An ice-cold view might be that transformation has to be properly resourced, and that current waiting lists should be forgotten about, or written off, or accepted as the disaster they are. That dealing with the long-term weakness is the priority.

That attitude is better than inaction, but we can aim higher. Transformation must proceed, and proceed properly, but current waiting lists should not be ignored. Solutions might have to be creative, or desperate, and might lead to some bewilderingly difficult decisions – but these things can still be taken on, even if it feels like a scramble.

Because behind these waiting lists – for cancer services, for special educational needs, for wider physical health, for mental health, for absolutely everything you can think of – are people. Those 17,000 children on waiting lists are all actual children who need help. They are not a secondary concern.

As the Children’s Commissioner Ms Yiasouma said this week: “While the impact of waiting on a red flag or urgent appointment is clear, we know that delayed access to any specialist support, whether that be for autism diagnosis or support, CAMHS, physiotherapy or speech and language, can and does have a profound impact on a child’s health outcomes, emotional and mental wellbeing, educational attainment, relationships with family and friends and quality of life more broadly.

“The stress and pressure on parents and carers as advocates for their child, experiencing delays in accessing healthcare is significant. A clear message from them was that communication, co-ordination and emotional and practical support is inadequate and needs to be improved.

“These are the most basic expectations of these services and are particularly important when waiting times are as long as they are. Therefore, I have recommended an interim regional waiting list management process for child health services be established while overall reform is on-going.”
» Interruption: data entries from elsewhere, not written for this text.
(* Let $d\ge3$, $h\ge1$, and let $\ell$ be a leaf (a vertex at distance $h$ from the root). Then the exponent of $G(d,h)$ equals the order of $\bar{\mathbf{x}}_\ell$ in $G(d,h)$.
   Context: Let $\mathcal{T}(d,h)$ be the rooted tree in which the root $0$ has $d$ children, every vertex at distance $1,\dots,h-1$ from the root has $d-1$ children, and the vertices at distance $h$ are leaves. Let $V$ be its vertex set, $A$ its adjacency matrix, $\Delta := dI-A$, and $\Lambda\subset\mathbb{Z}^V$ the lattice spanned by the rows of $\Delta$. Then $G(d,h):=\mathbb{Z}^V/\Lambda$; $\{\mathbf{x}_i:i\in V\}$ is the standard basis of $\mathbb{Z}^V$ and $\bar{\mathbf{v}}$ denotes the image of $\mathbf{v}$ in $G(d,h)$. The exponent is the least common multiple of the orders of the elements. *)

From HB Require Import structures.
From mathcomp Require Import all_boot all_order all_algebra.
From Stdlib Require Import ClassicalEpsilon.
Set Implicit Arguments. Unset Strict Implicit. Unset Printing Implicit Defensive.
Import Order.TTheory GRing.Theory Num.Theory.
Local Open Scope ring_scope.

(* A vertex of T(d,h) is encoded by its depth k <= h and its path from the root:
   a function f : 'I_h -> 'I_d, where f i (i < k) is the index of the child taken
   at step i (f 0 < d at the root, f i < d-1 for 0 < i < k), and f i = 0 for i >= k. *)
Definition vert_ok (d h : nat) (x : 'I_h.+1 * {ffun 'I_h -> 'I_d}) : bool :=
  [forall i : 'I_h,
     if (i < x.1)%N then ((0 < i)%N ==> (x.2 i < d.-1)%N)
     else (x.2 i == 0 :> nat)].

Definition tvert (d h : nat) := {x : 'I_h.+1 * {ffun 'I_h -> 'I_d} | @vert_ok d h x}.

Definition depth d h (u : tvert d h) : nat := (val u).1.
Definition tpath d h (u : tvert d h) : {ffun 'I_h -> 'I_d} := (val u).2.

Definition parent d h (u w : tvert d h) : bool :=
  (depth w == (depth u).+1)%N &&
  [forall i : 'I_h, (i != depth u :> nat) ==> (tpath w i == tpath u i)].

Definition adj d h (u w : tvert d h) : bool := parent u w || parent w u.

Definition Delta d h (u w : tvert d h) : int :=
  (if u == w then (d%:Z) else 0) - (if adj u w then 1 else 0).

Definition inLambda d h (v : tvert d h -> int) : Prop :=
  exists c : tvert d h -> int, forall j, v j = \sum_i c i * Delta i j.

Definition xbasis d h (i : tvert d h) : tvert d h -> int :=
  fun j => if j == i then 1 else 0.

(* n * vbar = 0 in G(d,h) = Z^V / Lambda *)
Definition kills d h (n : nat) (v : tvert d h -> int) : Prop :=
  inLambda (fun j => n%:Z * v j).

Definition is_order d h (v : tvert d h -> int) (n : nat) : Prop :=
  (0 < n)%N /\ kills n v /\ (forall m : nat, (0 < m)%N -> kills m v -> (n <= m)%N).

(* the gorder of vbar (0 if infinite) *)
Definition gorder d h (v : tvert d h -> int) : nat :=
  match excluded_middle_informative (exists n, is_order v n) with
  | left H => proj1_sig (constructive_indefinite_description _ H)
  | right _ => 0%N
  end.

Definition is_lcm_of (S : nat -> Prop) (e : nat) : Prop :=
  (forall o, S o -> (o %| e)%N) /\
  (forall m, (forall o, S o -> (o %| m)%N) -> (e %| m)%N).

Definition is_exponent (d h : nat) (e : nat) : Prop :=
  is_lcm_of (fun o => exists v : tvert d h -> int, o = gorder v) e.

(** Multiplying a vertex by [d] and subtracting the row of [Delta] at that
    vertex leaves the sum of its neighbours. Hence, if [u] is a child of [w],
    then [x_w] is congruent modulo [Lambda] to [d x_u] minus the sum of the
    children of [u], and any [n] killing all vertices one level down also kills
    [x_w]. Swapping child labels level by level is a tree automorphism that maps
    any leaf to any other, so the order [e] of [x_l] kills every leaf, hence
    every vertex, hence all of [G(d,h)]; [e] is therefore the exponent. *)
From mathcomp Require Import all_boot all_order all_algebra perm.
From mathcomp Require Import ring zify.
From Stdlib Require Import ClassicalEpsilon.
Set Implicit Arguments. Unset Strict Implicit. Unset Printing Implicit Defensive.
Import Order.TTheory GRing.Theory Num.Theory.

Section Lattice.
Local Open Scope ring_scope.
Variables d h : nat.
Local Notation V := (tvert d h).
Implicit Types (u w : V) (v : V -> int).

Lemma inLambda_ext v1 v2 : v1 =1 v2 -> inLambda v1 -> inLambda v2.
Proof. by move=> E [c Hc]; exists c => j; rewrite -E Hc. Qed.

Lemma inLambda0 : inLambda (fun _ : V => 0).
Proof. by exists (fun _ => 0) => j; rewrite big1 // => i _; rewrite mul0r. Qed.

Lemma inLambdaD v1 v2 :
  inLambda v1 -> inLambda v2 -> inLambda (fun j => v1 j + v2 j).
Proof.
move=> [c1 H1] [c2 H2]; exists (fun i => c1 i + c2 i) => j.
by rewrite H1 H2 -big_split; apply: eq_bigr => i _; rewrite mulrDl.
Qed.

Lemma inLambdaZ (a : int) v : inLambda v -> inLambda (fun j => a * v j).
Proof.
move=> [c Hc]; exists (fun i => a * c i) => j.
by rewrite Hc mulr_sumr; apply: eq_bigr => i _; rewrite mulrA.
Qed.

Lemma inLambda_sum (I : Type) (r : seq I) (P : pred I) (a : I -> int)
    (f : I -> V -> int) :
  (forall i, P i -> inLambda (f i)) ->
  inLambda (fun j => \sum_(i <- r | P i) a i * f i j).
Proof.
move=> Hf; elim: r => [|x r IHr].
  by apply: inLambda_ext inLambda0 => j; rewrite big_nil.
case Px: (P x); last by apply: inLambda_ext IHr => j; rewrite big_cons Px.
apply: inLambda_ext (inLambdaD (inLambdaZ (a x) (Hf x Px)) IHr) => j.
by rewrite big_cons Px.
Qed.

Lemma sum_xbasis (P : pred V) (a : V -> int) j :
  \sum_(i | P i) a i * xbasis i j = if P j then a j else 0.
Proof.
rewrite /xbasis; case: ifP => Pj.
  rewrite (bigD1 j) //= eqxx mulr1 big1 ?addr0 // => i /andP[_ /negbTE ij].
  by rewrite eq_sym ij mulr0.
by rewrite big1 // => i Pi; case: eqP => [ji|_]; [rewrite -ji Pj in Pi | rewrite mulr0].
Qed.

Lemma inLambda_row u : inLambda (Delta u).
Proof.
exists (xbasis u) => j; rewrite (bigD1 u) //= /xbasis eqxx mul1r big1 ?addr0 //.
by move=> i /negbTE ->; rewrite mul0r.
Qed.

Lemma kills_ext n v1 v2 : v1 =1 v2 -> kills n v1 -> kills n v2.
Proof. by move=> E; apply: inLambda_ext => j; rewrite E. Qed.

Lemma kills0 v : kills 0 v.
Proof. by apply: inLambda_ext inLambda0 => j; rewrite mul0r. Qed.

Lemma killsD n v1 v2 : kills n v1 -> kills n v2 -> kills n (fun j => v1 j + v2 j).
Proof. by move=> k1 k2; apply: inLambda_ext (inLambdaD k1 k2) => j; rewrite mulrDr. Qed.

Lemma killsZ n (a : int) v : kills n v -> kills n (fun j => a * v j).
Proof. by move=> /(inLambdaZ a); apply: inLambda_ext => j; rewrite mulrCA. Qed.

Lemma kills_row n u : kills n (Delta u).
Proof. exact/inLambdaZ/inLambda_row. Qed.

Lemma kills_sum n (I : Type) (r : seq I) (P : pred I) (a : I -> int)
    (f : I -> V -> int) :
  (forall i, P i -> kills n (f i)) ->
  kills n (fun j => \sum_(i <- r | P i) a i * f i j).
Proof.
move=> Hf; apply: inLambda_ext (inLambda_sum r a Hf) => j.
by rewrite mulr_sumr; apply: eq_bigr => i _; rewrite mulrCA.
Qed.

Lemma kills_of_xbasis n v : (forall w, kills n (xbasis w)) -> kills n v.
Proof.
move=> kx; have := kills_sum (index_enum V) v (P := predT) (fun w _ => kx w).
by apply: kills_ext => j; rewrite sum_xbasis.
Qed.

Lemma kills_modn m n v : kills m v -> kills n v -> kills (m %% n) v.
Proof.
move=> km kn; apply: inLambda_ext (inLambdaD km (inLambdaZ (- (m %/ n)%:Z) kn)) => j.
have mE : m%:Z = (m %/ n)%:Z * n%:Z + (m %% n)%:Z by rewrite -PoszM -PoszD -divn_eq.
by rewrite mE; ring.
Qed.

Lemma is_order_uniq v n1 n2 : is_order v n1 -> is_order v n2 -> n1 = n2.
Proof.
by move=> [n1_gt0 [k1 min1]] [n2_gt0 [k2 min2]]; apply/eqP; rewrite eqn_leq min1 ?min2.
Qed.

Lemma gorderE v n : is_order v n -> gorder v = n.
Proof.
move=> ord_n; rewrite /gorder.
case: excluded_middle_informative => [ex|[]]; last by exists n.
by case: constructive_indefinite_description => m /= /is_order_uniq/(_ ord_n).
Qed.

Lemma kills_gorder v : kills (gorder v) v.
Proof.
rewrite /gorder; case: excluded_middle_informative => [ex|_]; last exact: kills0.
by case: constructive_indefinite_description => m /= [_ []].
Qed.

Lemma exists_order v m : (0 < m)%N -> kills m v -> exists n, is_order v n.
Proof.
move=> m_gt0 km.
pose P k := if excluded_middle_informative ((0 < k)%N /\ kills k v) then true else false.
have PP k : reflect ((0 < k)%N /\ kills k v) (P k).
  by rewrite /P; case: excluded_middle_informative => H; constructor.
have [|n /PP[n_gt0 kn] min_n] := ex_minnP (ex_intro P m _); first exact/PP.
by exists n; do 2!split=> //; move=> k k_gt0 kk; apply/min_n/PP.
Qed.

Lemma order_dvd v n m : is_order v n -> kills m v -> (n %| m)%N.
Proof.
move=> [n_gt0 [kn min_n]] km; apply: contraT; rewrite -lt0n => r_gt0.
by have := min_n _ r_gt0 (kills_modn km kn); rewrite leqNgt ltn_mod n_gt0.
Qed.

Lemma gorder_dvd v m : kills m v -> (gorder v %| m)%N.
Proof.
case: (posnP m) => [-> _|m_gt0 km]; first exact: dvdn0.
have [n ord_n] := exists_order m_gt0 km.
by rewrite (gorderE ord_n); apply: order_dvd ord_n km.
Qed.

End Lattice.

Lemma is_lcm_of_dvd (S : nat -> Prop) e :
  S e -> (forall o, S o -> (o %| e)%N) -> is_lcm_of S e.
Proof. by move=> Se dvd_e; split=> // m /(_ e Se). Qed.

Section Tree.
Variables d h : nat.
Local Notation V := (tvert d h).
Implicit Types u w : V.

Lemma depth_le u : (depth u <= h)%N.
Proof. by rewrite -ltnS ltn_ord. Qed.

Lemma tpath_ge_depth u (i : 'I_h) : (depth u <= i)%N -> tpath u i = 0 :> nat.
Proof. by move=> hi; have /forallP/(_ i) := valP u; rewrite ltnNge hi => /eqP. Qed.

Lemma tpath_lt u (i : 'I_h) : (i < depth u)%N -> (0 < i)%N -> (tpath u i < d.-1)%N.
Proof. by move=> hi i_gt0; have /forallP/(_ i) := valP u; rewrite hi i_gt0. Qed.

Lemma tvert_eq u w : depth u = depth w -> tpath u =1 tpath w -> u = w.
Proof.
case: u w => [[a f] ?] [[b g] ?]; rewrite /depth /tpath /= => ab fg.
by apply: val_inj; congr pair; [apply: val_inj | apply/ffunP].
Qed.

Lemma parent_depth u w : parent u w -> depth w = (depth u).+1.
Proof. by case/andP=> /eqP. Qed.

Lemma parent_uniq u1 u2 w : parent u1 w -> parent u2 w -> u1 = u2.
Proof.
move=> /andP[/eqP d1 /forallP p1] /andP[/eqP d2 /forallP p2].
have d12 : depth u1 = depth u2 by apply: succn_inj; rewrite -d1 -d2.
apply: tvert_eq => // i; case: (eqVneq (i : nat) (depth u1)) => [e|ne].
  by apply: val_inj; rewrite /= !tpath_ge_depth -?d12 ?e.
by move: (implyP (p1 i) ne) (implyP (p2 i)); rewrite -d12 => /eqP <- /(_ ne) /eqP.
Qed.

Lemma exists_child w : (1 < d)%N -> (depth w < h)%N -> exists u, parent w u.
Proof.
move=> d_gt1 hw.
have ok : vert_ok (@Ordinal h.+1 (depth w).+1 hw, tpath w).
  apply/forallP => i /=; rewrite ltnS leq_eqVlt.
  case: (eqVneq (i : nat) (depth w)) => [e|ne] /=.
    by apply/implyP => _; rewrite tpath_ge_depth ?e //; case: d d_gt1 => [|[]].
  by have /forallP/(_ i) := valP w; rewrite ltn_neqAle ne.
exists (exist (@vert_ok d h) _ ok); rewrite /parent /depth /tpath /= eqxx.
by apply/forallP => i; apply/implyP.
Qed.

End Tree.

Section Automorphism.
Variables d h : nat.
Local Notation V := (tvert d h).
Variable sigma : V -> V.
Hypothesis sigma_inj : injective sigma.
Hypothesis parent_sigma : forall u w, parent (sigma u) (sigma w) = parent u w.

Lemma Delta_sigma u w : Delta (sigma u) (sigma w) = Delta u w.
Proof. by rewrite /Delta /adj !parent_sigma (inj_eq sigma_inj). Qed.

Lemma inLambda_sigma (v : V -> int) : inLambda v -> inLambda (fun j => v (sigma j)).
Proof.
move=> [c Hc]; exists (fun i => c (sigma i)) => j.
by rewrite Hc (reindex_inj sigma_inj); apply: eq_bigr => i _; rewrite Delta_sigma.
Qed.

End Automorphism.

Section LeafSwap.
Variables d h : nat.
Local Notation V := (tvert d h).
Variables l l' : V.
Hypotheses (hl : depth l = h) (hl' : depth l' = h).

(** Labels at positions below the depth of [u] are padding zeros and must stay
    fixed, so the transposition acts only on the labels of actual edges. *)
Definition swap_path (u : V) : {ffun 'I_h -> 'I_d} :=
  [ffun i : 'I_h => if (i < depth u)%N then tperm (tpath l i) (tpath l' i) (tpath u i)
             else tpath u i].

Lemma swap_path_ok u : vert_ok ((val u).1, swap_path u).
Proof.
apply/forallP => i /=; have /forallP/(_ i) := valP u.
rewrite /swap_path ffunE; case: ifP => // hi /implyP lt_u; apply/implyP => i_gt0.
have lt_l : (tpath l i < d.-1)%N by apply: tpath_lt; rewrite ?hl.
have lt_l' : (tpath l' i < d.-1)%N by apply: tpath_lt; rewrite ?hl'.
by case: tpermP => // _ _; exact: lt_u.
Qed.

Definition leaf_swap (u : V) : V := exist (@vert_ok d h) _ (swap_path_ok u).

Lemma depth_leaf_swap u : depth (leaf_swap u) = depth u.
Proof. by []. Qed.

Lemma tpath_leaf_swap u i : tpath (leaf_swap u) i =
  if (i < depth u)%N then tperm (tpath l i) (tpath l' i) (tpath u i) else tpath u i.
Proof. by rewrite /tpath /= ffunE. Qed.

Lemma leaf_swapK : involutive leaf_swap.
Proof.
move=> u; apply: tvert_eq => // i; rewrite !tpath_leaf_swap.
by rewrite depth_leaf_swap; case: (i < depth u); rewrite ?tpermK.
Qed.

Lemma parent_leaf_swap u w : parent (leaf_swap u) (leaf_swap w) = parent u w.
Proof.
rewrite /parent !depth_leaf_swap; case: eqP => //= dw; apply: eq_forallb => i.
rewrite !tpath_leaf_swap dw ltnS; case: (ltngtP i (depth u)) => // hi.
by rewrite (inj_eq perm_inj).
Qed.

Lemma leaf_swap_l' : leaf_swap l' = l.
Proof.
apply: tvert_eq => [|i]; first by rewrite depth_leaf_swap hl hl'.
by rewrite tpath_leaf_swap hl' ltn_ord tpermR.
Qed.

Lemma kills_leaf_swap n : kills n (xbasis l) -> kills n (xbasis l').
Proof.
move/(inLambda_sigma (inv_inj leaf_swapK) parent_leaf_swap); apply: inLambda_ext => j.
by rewrite /xbasis -leaf_swap_l' (inj_eq (inv_inj leaf_swapK)).
Qed.

End LeafSwap.

Section Descent.
Local Open Scope ring_scope.
Variables d h : nat.
Local Notation V := (tvert d h).

Lemma xbasis_parentE (w u : V) j : parent w u ->
  xbasis w j = d%:Z * xbasis u j - Delta u j - \sum_(i | parent u i) 1 * xbasis i j.
Proof.
move=> pwu; rewrite sum_xbasis.
have adjE : adj u j = parent u j || (j == w).
  by congr orb; apply/idP/eqP => [/parent_uniq/(_ pwu)|->].
have /negbTE puw : ~~ parent u w.
  by apply/negP => /parent_depth; rewrite (parent_depth pwu); lia.
rewrite /Delta adjE /xbasis (eq_sym u j); case: (eqVneq j w) => [->|_].
  by rewrite puw orbT; case: eqP => _ /=; ring.
by rewrite orbF; case: eqP => _; case: parent => /=; ring.
Qed.

Variable n : nat.

Lemma kills_xbasis_parent (w u : V) : parent w u -> kills n (xbasis u) ->
  (forall i, parent u i -> kills n (xbasis i)) -> kills n (xbasis w).
Proof.
move=> pwu ku kc.
have := killsD (killsD (killsZ d ku) (killsZ (-1) (kills_row n u)))
               (killsZ (-1) (kills_sum (index_enum V) (fun=> 1) kc)).
by apply: kills_ext => j; rewrite (xbasis_parentE j pwu); ring.
Qed.

Lemma kills_xbasis_all : (1 < d)%N ->
  (forall l : V, depth l = h -> kills n (xbasis l)) -> forall w : V, kills n (xbasis w).
Proof.
move=> d_gt1 kleaf.
suff IH k (w : V) : (h - k <= depth w)%N -> kills n (xbasis w).
  by move=> w; apply: (IH h); rewrite subnn.
elim: k w => [|k IHk] w hw.
  by rewrite subn0 in hw; apply/kleaf/eqP; rewrite eqn_leq depth_le.
have [|hk] := leqP (h - k) (depth w); first exact: IHk.
have [u pwu] := exists_child d_gt1 (leq_trans hk (leq_subr k h)).
have du := parent_depth pwu.
apply: (kills_xbasis_parent pwu); first by apply: IHk; lia.
by move=> i /parent_depth di; apply: IHk; lia.
Qed.

End Descent.

Theorem lemma7p4 (d h : nat) (hd : (3 <= d)%N) (hh : (1 <= h)%N)
  (l : tvert d h) (hl : depth l = h) :
  is_exponent d h (gorder (xbasis l)).
Proof.
set e := gorder (xbasis l).
have kill_leaves (l' : tvert d h) : depth l' = h -> kills e (xbasis l').
  by move=> hl'; apply: (kills_leaf_swap hl hl' (kills_gorder _)).
have kill_all (v : tvert d h -> int) : kills e v.
  by apply/kills_of_xbasis/kills_xbasis_all => //; apply: ltnW.
apply: is_lcm_of_dvd; first by exists (xbasis l).
by move=> _ [v ->]; apply: gorder_dvd.
Qed.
It really is over Stormont, and an Assembly where large swathes of MLAs are focused on other things (the Protocol), and many representatives are in election mode.

However, the health service is the biggest policy issue in Northern Ireland right now. There is cross-party agreement. Surely that means change can move up a gear, regardless of the coming election?

Yes, it’s tough. Agonising, even. But skirting the edges of health reform means the challenge only keeps getting tougher.